§ **WHAT THIS TASK INVOLVES**:
Reproduce, exactly and in full, only the lines below from the one containing "by exists w;" through the one containing "Lemma mulmx_signed_points (v".

Saved data entries:
· · ·

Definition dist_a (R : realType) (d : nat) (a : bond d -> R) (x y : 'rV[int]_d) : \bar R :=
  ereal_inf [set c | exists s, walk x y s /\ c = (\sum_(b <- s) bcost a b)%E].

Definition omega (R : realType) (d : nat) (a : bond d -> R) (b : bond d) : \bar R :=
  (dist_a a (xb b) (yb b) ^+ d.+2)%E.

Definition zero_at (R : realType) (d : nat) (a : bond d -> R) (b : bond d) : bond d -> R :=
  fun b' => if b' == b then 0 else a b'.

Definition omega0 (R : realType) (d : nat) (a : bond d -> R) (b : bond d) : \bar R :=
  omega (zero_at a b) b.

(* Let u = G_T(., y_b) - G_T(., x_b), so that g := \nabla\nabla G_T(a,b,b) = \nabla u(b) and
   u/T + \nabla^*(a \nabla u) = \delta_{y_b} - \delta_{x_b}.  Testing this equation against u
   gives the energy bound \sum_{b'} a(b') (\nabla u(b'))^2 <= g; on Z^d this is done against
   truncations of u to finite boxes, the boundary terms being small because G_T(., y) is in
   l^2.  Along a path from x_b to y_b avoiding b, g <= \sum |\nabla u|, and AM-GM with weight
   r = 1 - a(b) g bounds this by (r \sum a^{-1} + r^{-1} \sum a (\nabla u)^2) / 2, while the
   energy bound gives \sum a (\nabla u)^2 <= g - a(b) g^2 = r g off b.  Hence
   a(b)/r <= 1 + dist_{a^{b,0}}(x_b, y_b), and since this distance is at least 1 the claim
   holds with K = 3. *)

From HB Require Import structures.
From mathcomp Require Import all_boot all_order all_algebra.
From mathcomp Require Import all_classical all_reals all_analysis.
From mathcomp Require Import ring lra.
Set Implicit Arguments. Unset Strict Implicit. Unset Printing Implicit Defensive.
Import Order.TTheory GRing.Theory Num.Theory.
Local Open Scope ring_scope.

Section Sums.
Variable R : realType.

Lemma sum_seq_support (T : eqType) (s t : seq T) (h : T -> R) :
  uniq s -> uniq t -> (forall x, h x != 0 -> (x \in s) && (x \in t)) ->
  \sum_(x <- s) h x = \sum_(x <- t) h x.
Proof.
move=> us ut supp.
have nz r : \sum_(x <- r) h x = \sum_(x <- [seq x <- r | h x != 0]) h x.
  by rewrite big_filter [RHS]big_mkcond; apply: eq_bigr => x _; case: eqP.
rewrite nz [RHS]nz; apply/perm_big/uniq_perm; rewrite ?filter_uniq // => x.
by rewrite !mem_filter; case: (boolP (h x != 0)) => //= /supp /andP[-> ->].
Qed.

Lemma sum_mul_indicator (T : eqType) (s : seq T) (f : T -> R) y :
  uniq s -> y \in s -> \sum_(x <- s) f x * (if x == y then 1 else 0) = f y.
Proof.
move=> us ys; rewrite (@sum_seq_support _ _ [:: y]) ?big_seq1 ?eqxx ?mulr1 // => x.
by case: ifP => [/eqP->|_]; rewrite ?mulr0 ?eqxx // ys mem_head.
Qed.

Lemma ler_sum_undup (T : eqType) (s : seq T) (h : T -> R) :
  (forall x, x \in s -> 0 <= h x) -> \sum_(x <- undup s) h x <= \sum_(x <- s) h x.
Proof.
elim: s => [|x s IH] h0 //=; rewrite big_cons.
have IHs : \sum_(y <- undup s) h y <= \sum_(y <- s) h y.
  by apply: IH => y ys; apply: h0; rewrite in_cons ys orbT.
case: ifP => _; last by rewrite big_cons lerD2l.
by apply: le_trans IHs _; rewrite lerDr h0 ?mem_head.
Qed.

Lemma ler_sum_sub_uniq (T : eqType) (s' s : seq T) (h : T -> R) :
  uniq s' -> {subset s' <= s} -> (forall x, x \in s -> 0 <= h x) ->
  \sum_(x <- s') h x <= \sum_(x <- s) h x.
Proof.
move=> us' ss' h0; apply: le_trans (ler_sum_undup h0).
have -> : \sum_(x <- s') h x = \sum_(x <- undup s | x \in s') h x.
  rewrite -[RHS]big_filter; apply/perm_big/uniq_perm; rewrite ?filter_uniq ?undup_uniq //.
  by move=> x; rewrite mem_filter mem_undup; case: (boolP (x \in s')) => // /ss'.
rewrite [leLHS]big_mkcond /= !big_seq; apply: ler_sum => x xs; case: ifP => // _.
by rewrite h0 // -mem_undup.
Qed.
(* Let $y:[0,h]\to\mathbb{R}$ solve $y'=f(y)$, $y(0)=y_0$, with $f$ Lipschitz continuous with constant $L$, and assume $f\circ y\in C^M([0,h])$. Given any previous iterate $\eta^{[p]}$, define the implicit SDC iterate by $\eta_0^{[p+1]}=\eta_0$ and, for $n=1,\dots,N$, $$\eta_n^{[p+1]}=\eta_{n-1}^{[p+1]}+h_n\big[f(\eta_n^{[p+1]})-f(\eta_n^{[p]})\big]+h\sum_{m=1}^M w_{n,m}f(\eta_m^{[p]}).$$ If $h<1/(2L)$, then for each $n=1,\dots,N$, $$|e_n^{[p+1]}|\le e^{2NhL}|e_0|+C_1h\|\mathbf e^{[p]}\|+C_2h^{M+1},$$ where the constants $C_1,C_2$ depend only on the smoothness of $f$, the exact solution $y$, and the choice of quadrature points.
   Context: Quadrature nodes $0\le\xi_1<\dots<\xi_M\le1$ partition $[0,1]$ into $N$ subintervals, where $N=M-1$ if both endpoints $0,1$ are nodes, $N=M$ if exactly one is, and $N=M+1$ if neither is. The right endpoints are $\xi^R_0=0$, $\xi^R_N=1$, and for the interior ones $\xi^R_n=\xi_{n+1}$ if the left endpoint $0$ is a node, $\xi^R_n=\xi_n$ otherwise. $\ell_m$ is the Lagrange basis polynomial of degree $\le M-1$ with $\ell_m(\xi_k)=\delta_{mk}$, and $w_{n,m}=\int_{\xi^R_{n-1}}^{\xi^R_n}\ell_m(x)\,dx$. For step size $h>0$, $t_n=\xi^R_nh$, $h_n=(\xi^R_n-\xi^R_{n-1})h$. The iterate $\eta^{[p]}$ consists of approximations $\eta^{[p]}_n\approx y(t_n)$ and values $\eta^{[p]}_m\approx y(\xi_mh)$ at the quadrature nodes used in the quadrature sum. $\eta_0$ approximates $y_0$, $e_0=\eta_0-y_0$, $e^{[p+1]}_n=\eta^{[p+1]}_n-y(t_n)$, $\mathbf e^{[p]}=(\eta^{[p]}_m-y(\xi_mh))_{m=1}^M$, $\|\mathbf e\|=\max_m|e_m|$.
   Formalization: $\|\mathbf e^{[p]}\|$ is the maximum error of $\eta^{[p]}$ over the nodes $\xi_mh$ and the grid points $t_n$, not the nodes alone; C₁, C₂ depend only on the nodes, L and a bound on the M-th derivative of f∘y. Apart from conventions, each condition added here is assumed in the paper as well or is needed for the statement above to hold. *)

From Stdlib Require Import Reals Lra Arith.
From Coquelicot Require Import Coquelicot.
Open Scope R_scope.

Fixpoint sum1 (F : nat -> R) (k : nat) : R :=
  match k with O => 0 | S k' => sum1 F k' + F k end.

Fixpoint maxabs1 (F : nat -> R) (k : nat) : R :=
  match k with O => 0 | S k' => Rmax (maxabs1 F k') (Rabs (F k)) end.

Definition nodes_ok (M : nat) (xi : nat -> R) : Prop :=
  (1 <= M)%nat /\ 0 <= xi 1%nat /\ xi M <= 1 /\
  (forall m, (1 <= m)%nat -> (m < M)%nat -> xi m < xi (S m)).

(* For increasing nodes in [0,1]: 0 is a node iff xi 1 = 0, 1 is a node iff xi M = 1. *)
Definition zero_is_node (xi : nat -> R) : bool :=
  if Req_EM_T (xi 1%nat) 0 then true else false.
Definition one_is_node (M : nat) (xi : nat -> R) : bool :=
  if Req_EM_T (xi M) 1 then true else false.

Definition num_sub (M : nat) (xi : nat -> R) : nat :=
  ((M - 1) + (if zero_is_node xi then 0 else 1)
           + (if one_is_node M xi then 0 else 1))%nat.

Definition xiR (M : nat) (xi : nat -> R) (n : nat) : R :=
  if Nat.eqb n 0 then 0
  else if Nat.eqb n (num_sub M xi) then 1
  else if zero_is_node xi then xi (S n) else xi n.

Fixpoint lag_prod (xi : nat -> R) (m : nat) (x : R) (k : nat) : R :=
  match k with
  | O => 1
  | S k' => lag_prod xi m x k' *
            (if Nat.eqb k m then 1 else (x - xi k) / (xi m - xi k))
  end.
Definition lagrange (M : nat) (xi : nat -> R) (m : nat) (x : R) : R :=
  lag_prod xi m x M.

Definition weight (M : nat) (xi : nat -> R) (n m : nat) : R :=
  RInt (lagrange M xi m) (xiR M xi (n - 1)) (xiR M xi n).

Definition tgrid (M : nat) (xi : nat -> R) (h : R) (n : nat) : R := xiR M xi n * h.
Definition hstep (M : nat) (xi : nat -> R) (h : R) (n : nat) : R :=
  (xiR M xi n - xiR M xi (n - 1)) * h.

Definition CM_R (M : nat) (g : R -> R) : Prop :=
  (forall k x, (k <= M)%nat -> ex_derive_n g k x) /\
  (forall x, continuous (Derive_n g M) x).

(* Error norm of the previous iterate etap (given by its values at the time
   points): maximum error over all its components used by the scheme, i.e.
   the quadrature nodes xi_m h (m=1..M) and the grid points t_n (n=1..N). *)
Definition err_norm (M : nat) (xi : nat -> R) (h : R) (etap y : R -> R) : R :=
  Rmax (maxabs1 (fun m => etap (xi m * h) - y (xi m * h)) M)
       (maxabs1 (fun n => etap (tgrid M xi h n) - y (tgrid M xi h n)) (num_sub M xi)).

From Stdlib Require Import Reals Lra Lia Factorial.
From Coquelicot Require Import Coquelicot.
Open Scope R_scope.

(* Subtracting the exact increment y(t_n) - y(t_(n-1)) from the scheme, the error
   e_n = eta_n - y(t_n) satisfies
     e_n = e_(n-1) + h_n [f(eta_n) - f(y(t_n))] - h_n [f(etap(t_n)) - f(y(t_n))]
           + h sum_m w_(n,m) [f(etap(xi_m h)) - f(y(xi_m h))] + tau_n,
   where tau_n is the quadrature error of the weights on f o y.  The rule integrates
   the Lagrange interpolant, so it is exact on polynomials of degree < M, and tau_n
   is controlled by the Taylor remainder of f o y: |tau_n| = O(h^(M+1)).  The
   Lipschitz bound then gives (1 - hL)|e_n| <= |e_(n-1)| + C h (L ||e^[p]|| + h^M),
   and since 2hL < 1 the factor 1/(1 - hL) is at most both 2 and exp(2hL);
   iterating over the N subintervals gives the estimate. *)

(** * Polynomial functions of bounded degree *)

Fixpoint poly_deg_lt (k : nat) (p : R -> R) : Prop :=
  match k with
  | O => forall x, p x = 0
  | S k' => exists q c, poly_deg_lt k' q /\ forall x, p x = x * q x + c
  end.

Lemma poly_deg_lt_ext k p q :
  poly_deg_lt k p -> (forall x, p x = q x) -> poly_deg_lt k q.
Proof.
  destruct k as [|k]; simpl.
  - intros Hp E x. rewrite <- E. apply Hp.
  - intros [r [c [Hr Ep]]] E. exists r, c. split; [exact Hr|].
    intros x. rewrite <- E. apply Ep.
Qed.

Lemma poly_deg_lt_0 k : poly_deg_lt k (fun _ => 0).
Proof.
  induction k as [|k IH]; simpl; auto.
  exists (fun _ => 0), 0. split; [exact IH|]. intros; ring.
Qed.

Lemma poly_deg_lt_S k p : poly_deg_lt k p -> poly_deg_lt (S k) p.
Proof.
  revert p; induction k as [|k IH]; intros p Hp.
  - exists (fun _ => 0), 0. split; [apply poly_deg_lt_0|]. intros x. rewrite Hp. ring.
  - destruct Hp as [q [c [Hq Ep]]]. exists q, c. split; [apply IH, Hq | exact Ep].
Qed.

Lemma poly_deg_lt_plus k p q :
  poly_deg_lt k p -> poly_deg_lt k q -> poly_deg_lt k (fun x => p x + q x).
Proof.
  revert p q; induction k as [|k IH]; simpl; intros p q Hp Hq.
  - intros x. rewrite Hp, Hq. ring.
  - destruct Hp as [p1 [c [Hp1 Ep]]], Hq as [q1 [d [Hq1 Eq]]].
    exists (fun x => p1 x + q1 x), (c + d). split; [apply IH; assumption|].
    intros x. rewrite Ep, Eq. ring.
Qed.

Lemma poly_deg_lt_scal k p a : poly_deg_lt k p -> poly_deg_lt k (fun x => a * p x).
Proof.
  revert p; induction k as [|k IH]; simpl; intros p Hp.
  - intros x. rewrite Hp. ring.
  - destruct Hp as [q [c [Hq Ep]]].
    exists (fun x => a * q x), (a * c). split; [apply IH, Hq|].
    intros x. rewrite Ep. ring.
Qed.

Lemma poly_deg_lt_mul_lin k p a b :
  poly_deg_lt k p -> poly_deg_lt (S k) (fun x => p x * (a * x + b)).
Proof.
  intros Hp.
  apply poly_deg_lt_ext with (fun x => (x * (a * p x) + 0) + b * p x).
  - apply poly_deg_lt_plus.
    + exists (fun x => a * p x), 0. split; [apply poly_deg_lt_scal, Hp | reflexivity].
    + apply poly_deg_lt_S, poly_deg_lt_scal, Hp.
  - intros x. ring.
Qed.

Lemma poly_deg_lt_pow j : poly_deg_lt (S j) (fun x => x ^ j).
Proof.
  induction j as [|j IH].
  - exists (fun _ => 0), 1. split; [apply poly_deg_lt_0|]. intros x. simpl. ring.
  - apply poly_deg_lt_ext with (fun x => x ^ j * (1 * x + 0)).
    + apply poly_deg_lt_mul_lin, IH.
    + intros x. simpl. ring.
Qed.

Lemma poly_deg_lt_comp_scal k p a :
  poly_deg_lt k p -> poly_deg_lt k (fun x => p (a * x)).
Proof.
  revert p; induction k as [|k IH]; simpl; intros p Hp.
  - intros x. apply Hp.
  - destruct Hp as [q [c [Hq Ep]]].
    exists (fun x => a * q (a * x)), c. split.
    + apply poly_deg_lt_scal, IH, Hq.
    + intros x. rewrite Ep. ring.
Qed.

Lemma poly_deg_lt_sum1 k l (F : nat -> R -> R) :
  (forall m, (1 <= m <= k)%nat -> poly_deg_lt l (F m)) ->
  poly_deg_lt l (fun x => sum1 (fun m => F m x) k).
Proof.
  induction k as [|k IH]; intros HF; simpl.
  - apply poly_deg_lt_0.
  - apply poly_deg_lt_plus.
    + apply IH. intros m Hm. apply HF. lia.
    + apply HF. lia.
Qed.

· · ·

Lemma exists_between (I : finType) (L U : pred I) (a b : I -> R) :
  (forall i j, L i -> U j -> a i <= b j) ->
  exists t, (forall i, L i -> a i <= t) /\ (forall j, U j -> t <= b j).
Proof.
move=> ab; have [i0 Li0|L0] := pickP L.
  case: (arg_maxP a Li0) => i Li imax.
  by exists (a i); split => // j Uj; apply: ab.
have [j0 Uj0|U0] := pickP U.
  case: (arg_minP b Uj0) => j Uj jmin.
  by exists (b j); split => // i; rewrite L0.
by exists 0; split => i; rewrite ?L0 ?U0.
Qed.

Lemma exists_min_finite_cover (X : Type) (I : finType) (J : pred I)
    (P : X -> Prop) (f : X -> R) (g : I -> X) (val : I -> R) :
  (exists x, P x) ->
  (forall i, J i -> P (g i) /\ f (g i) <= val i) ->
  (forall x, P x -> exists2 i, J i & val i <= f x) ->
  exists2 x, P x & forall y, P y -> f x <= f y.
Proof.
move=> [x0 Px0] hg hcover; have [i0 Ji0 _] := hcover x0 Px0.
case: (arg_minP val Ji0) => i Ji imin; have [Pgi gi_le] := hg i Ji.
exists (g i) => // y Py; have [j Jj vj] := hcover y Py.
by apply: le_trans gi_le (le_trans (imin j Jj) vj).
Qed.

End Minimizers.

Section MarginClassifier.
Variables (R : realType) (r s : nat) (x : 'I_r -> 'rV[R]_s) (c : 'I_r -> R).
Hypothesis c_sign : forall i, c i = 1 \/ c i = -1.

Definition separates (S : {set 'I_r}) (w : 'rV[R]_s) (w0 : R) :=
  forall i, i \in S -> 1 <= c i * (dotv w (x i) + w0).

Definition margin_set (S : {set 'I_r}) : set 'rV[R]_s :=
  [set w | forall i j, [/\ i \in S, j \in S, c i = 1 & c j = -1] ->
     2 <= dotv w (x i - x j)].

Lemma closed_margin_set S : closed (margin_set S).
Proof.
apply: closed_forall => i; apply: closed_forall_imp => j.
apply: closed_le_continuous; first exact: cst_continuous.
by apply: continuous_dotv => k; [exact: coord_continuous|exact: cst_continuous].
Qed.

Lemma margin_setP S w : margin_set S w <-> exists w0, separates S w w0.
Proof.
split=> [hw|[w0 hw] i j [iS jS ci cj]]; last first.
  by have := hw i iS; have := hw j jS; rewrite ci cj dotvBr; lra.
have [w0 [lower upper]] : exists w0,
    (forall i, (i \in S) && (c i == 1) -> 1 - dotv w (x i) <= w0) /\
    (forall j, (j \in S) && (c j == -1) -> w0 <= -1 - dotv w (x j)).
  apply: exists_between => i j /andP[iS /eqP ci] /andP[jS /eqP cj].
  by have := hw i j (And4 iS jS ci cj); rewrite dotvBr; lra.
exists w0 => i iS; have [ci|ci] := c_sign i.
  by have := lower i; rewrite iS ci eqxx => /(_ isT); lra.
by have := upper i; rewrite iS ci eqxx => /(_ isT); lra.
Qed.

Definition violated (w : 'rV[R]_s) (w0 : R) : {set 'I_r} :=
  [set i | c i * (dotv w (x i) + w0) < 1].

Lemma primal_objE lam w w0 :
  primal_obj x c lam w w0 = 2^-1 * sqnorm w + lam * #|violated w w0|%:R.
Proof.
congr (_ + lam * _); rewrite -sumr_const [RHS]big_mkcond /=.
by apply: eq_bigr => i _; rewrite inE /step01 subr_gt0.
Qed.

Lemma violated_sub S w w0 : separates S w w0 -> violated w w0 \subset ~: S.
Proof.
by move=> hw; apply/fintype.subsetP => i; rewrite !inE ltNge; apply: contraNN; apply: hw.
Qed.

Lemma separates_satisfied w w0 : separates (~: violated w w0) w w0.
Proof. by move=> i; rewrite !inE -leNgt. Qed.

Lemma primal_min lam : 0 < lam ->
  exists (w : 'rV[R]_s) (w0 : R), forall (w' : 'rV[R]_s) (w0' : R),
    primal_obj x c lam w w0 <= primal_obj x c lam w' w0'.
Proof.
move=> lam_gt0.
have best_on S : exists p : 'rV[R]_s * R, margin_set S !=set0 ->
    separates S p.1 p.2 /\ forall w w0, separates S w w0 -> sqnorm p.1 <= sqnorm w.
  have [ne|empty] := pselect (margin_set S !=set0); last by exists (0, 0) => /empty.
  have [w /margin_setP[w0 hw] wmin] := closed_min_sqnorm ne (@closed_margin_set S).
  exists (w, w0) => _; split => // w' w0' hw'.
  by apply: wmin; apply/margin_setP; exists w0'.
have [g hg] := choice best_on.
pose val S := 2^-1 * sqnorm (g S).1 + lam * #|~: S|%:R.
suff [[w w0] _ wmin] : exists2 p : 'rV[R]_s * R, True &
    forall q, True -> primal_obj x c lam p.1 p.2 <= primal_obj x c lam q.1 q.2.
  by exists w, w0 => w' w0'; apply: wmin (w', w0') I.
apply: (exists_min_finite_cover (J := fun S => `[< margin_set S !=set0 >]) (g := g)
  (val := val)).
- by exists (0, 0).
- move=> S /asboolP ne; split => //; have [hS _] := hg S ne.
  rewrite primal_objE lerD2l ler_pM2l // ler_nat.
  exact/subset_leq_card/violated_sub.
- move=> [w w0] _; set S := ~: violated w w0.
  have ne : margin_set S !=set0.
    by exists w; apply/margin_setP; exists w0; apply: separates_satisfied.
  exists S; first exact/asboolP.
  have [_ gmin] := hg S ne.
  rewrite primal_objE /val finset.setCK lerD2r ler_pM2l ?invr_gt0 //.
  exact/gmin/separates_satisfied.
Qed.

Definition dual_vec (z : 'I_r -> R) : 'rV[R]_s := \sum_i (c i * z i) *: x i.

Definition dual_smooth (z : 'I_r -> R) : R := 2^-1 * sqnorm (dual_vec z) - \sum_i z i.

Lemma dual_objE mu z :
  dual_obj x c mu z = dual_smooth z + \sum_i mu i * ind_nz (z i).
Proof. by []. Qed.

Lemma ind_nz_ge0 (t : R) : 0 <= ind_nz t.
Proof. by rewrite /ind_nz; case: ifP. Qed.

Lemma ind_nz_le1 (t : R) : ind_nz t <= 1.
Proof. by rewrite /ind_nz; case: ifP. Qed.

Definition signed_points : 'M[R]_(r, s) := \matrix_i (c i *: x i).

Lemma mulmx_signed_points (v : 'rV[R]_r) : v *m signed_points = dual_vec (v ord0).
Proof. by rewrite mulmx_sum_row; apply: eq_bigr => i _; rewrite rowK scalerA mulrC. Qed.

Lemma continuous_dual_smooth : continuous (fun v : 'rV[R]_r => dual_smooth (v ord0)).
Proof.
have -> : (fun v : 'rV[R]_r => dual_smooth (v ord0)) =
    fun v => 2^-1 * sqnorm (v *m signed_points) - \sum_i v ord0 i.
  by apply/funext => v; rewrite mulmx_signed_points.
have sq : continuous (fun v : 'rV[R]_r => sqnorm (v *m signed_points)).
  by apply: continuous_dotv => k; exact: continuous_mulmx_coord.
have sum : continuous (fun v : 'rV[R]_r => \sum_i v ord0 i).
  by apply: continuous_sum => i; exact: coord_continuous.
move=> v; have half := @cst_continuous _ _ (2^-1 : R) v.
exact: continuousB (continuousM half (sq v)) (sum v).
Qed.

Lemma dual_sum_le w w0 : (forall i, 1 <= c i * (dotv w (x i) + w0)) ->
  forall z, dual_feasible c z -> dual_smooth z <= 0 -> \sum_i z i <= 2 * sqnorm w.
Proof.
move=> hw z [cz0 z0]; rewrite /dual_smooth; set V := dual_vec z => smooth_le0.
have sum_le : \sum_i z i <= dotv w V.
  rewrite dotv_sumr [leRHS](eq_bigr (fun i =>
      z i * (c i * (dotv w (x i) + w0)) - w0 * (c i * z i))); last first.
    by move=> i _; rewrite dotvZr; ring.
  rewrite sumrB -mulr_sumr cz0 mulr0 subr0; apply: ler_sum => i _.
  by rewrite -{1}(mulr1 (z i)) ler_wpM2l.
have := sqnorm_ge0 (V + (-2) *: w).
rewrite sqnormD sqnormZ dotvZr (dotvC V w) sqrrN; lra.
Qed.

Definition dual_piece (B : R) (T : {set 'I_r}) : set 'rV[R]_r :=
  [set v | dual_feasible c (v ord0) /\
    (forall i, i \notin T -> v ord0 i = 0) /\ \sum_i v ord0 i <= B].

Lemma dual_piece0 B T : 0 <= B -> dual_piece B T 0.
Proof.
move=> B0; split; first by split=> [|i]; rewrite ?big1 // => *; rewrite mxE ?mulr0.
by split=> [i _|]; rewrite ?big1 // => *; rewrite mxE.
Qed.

· · ·

§ **TASK RESULT**:
    by exists w; apply/margin_setP; exists w0; apply: separates_satisfied.
  exists S; first exact/asboolP.
  have [_ gmin] := hg S ne.
  rewrite primal_objE /val finset.setCK lerD2r ler_pM2l ?invr_gt0 //.
  exact/gmin/separates_satisfied.
Qed.

Definition dual_vec (z : 'I_r -> R) : 'rV[R]_s := \sum_i (c i * z i) *: x i.

Definition dual_smooth (z : 'I_r -> R) : R := 2^-1 * sqnorm (dual_vec z) - \sum_i z i.

Lemma dual_objE mu z :
  dual_obj x c mu z = dual_smooth z + \sum_i mu i * ind_nz (z i).
Proof. by []. Qed.

Lemma ind_nz_ge0 (t : R) : 0 <= ind_nz t.
Proof. by rewrite /ind_nz; case: ifP. Qed.

Lemma ind_nz_le1 (t : R) : ind_nz t <= 1.
Proof. by rewrite /ind_nz; case: ifP. Qed.

Definition signed_points : 'M[R]_(r, s) := \matrix_i (c i *: x i).

Lemma mulmx_signed_points (v : 'rV[R]_r) : v *m signed_points = dual_vec (v ord0).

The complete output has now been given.